(Work to complete): With both ends included, transcribe exactly the records below from their first line to the line that contains "move=> invertible; elim: t".

*** Opening of Records to use ***

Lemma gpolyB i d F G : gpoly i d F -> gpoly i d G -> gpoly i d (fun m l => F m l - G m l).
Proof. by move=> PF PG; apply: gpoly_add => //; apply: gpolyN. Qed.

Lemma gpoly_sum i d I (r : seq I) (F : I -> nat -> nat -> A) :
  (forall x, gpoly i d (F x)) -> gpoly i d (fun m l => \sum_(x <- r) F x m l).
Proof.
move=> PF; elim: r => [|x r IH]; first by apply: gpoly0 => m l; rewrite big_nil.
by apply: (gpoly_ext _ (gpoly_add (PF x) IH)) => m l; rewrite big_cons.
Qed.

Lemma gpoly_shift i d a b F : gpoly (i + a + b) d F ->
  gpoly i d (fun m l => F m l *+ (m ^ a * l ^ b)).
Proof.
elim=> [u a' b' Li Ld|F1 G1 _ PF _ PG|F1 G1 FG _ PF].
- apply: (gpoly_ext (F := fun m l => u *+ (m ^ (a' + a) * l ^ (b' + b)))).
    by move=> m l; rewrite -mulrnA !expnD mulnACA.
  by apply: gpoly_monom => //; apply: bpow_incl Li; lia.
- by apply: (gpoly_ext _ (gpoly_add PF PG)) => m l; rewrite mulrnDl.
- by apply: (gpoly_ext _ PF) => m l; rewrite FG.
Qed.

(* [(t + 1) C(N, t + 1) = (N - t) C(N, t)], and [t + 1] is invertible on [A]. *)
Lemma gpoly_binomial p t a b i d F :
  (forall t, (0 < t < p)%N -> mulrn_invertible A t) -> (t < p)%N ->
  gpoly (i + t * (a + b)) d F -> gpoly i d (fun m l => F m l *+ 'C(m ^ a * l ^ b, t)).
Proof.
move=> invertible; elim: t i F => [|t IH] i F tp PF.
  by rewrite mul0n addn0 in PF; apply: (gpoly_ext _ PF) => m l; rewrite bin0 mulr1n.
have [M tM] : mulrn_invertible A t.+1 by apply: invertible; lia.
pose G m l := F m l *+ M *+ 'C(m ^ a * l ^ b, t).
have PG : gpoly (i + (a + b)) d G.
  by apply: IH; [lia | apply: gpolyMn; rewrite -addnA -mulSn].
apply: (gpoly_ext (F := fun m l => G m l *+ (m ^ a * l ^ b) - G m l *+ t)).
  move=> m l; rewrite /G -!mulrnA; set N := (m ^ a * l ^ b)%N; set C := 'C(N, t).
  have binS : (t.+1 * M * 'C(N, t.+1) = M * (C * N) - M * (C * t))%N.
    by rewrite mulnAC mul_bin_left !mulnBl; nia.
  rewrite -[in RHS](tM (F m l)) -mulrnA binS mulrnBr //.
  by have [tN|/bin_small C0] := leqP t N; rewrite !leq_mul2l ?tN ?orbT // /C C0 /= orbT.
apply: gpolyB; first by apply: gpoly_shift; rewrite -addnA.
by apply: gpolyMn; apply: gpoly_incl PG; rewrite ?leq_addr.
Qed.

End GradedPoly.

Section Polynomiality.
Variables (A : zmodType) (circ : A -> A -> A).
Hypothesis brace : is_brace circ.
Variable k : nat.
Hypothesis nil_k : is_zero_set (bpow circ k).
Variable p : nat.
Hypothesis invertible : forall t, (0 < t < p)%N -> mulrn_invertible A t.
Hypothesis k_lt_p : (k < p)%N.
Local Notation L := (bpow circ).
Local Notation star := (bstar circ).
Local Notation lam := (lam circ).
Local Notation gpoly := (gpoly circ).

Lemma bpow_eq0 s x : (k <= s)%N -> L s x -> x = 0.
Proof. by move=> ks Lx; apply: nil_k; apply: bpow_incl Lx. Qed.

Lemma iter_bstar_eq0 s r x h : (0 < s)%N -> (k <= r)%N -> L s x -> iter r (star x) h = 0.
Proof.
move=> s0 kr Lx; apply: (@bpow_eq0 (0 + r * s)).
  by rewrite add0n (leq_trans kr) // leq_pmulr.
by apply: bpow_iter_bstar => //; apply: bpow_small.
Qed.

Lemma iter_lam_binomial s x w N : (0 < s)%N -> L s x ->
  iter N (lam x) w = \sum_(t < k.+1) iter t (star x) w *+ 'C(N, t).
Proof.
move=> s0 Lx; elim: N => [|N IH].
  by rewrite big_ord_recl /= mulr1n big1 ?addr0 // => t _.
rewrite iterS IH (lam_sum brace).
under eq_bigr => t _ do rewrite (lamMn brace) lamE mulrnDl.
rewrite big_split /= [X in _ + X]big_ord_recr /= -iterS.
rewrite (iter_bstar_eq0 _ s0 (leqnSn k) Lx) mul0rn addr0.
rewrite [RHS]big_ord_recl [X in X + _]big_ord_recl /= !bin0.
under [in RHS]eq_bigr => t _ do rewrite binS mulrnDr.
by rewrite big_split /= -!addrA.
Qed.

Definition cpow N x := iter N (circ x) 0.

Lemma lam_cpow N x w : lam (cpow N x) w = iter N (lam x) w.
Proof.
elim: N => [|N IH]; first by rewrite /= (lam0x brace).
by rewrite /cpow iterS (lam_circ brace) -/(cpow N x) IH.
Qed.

*** Close of Records to use ***

(Output for this task):
Lemma gpolyB i d F G : gpoly i d F -> gpoly i d G -> gpoly i d (fun m l => F m l - G m l).
Proof. by move=> PF PG; apply: gpoly_add => //; apply: gpolyN. Qed.

Lemma gpoly_sum i d I (r : seq I) (F : I -> nat -> nat -> A) :
  (forall x, gpoly i d (F x)) -> gpoly i d (fun m l => \sum_(x <- r) F x m l).
Proof.
move=> PF; elim: r => [|x r IH]; first by apply: gpoly0 => m l; rewrite big_nil.
by apply: (gpoly_ext _ (gpoly_add (PF x) IH)) => m l; rewrite big_cons.
Qed.

Lemma gpoly_shift i d a b F : gpoly (i + a + b) d F ->
  gpoly i d (fun m l => F m l *+ (m ^ a * l ^ b)).
Proof.
elim=> [u a' b' Li Ld|F1 G1 _ PF _ PG|F1 G1 FG _ PF].
- apply: (gpoly_ext (F := fun m l => u *+ (m ^ (a' + a) * l ^ (b' + b)))).
    by move=> m l; rewrite -mulrnA !expnD mulnACA.
  by apply: gpoly_monom => //; apply: bpow_incl Li; lia.
- by apply: (gpoly_ext _ (gpoly_add PF PG)) => m l; rewrite mulrnDl.
- by apply: (gpoly_ext _ PF) => m l; rewrite FG.
Qed.

(* [(t + 1) C(N, t + 1) = (N - t) C(N, t)], and [t + 1] is invertible on [A]. *)
Lemma gpoly_binomial p t a b i d F :
  (forall t, (0 < t < p)%N -> mulrn_invertible A t) -> (t < p)%N ->
  gpoly (i + t * (a + b)) d F -> gpoly i d (fun m l => F m l *+ 'C(m ^ a * l ^ b, t)).
Proof.
move=> invertible; elim: t i F => [|t IH] i F tp PF.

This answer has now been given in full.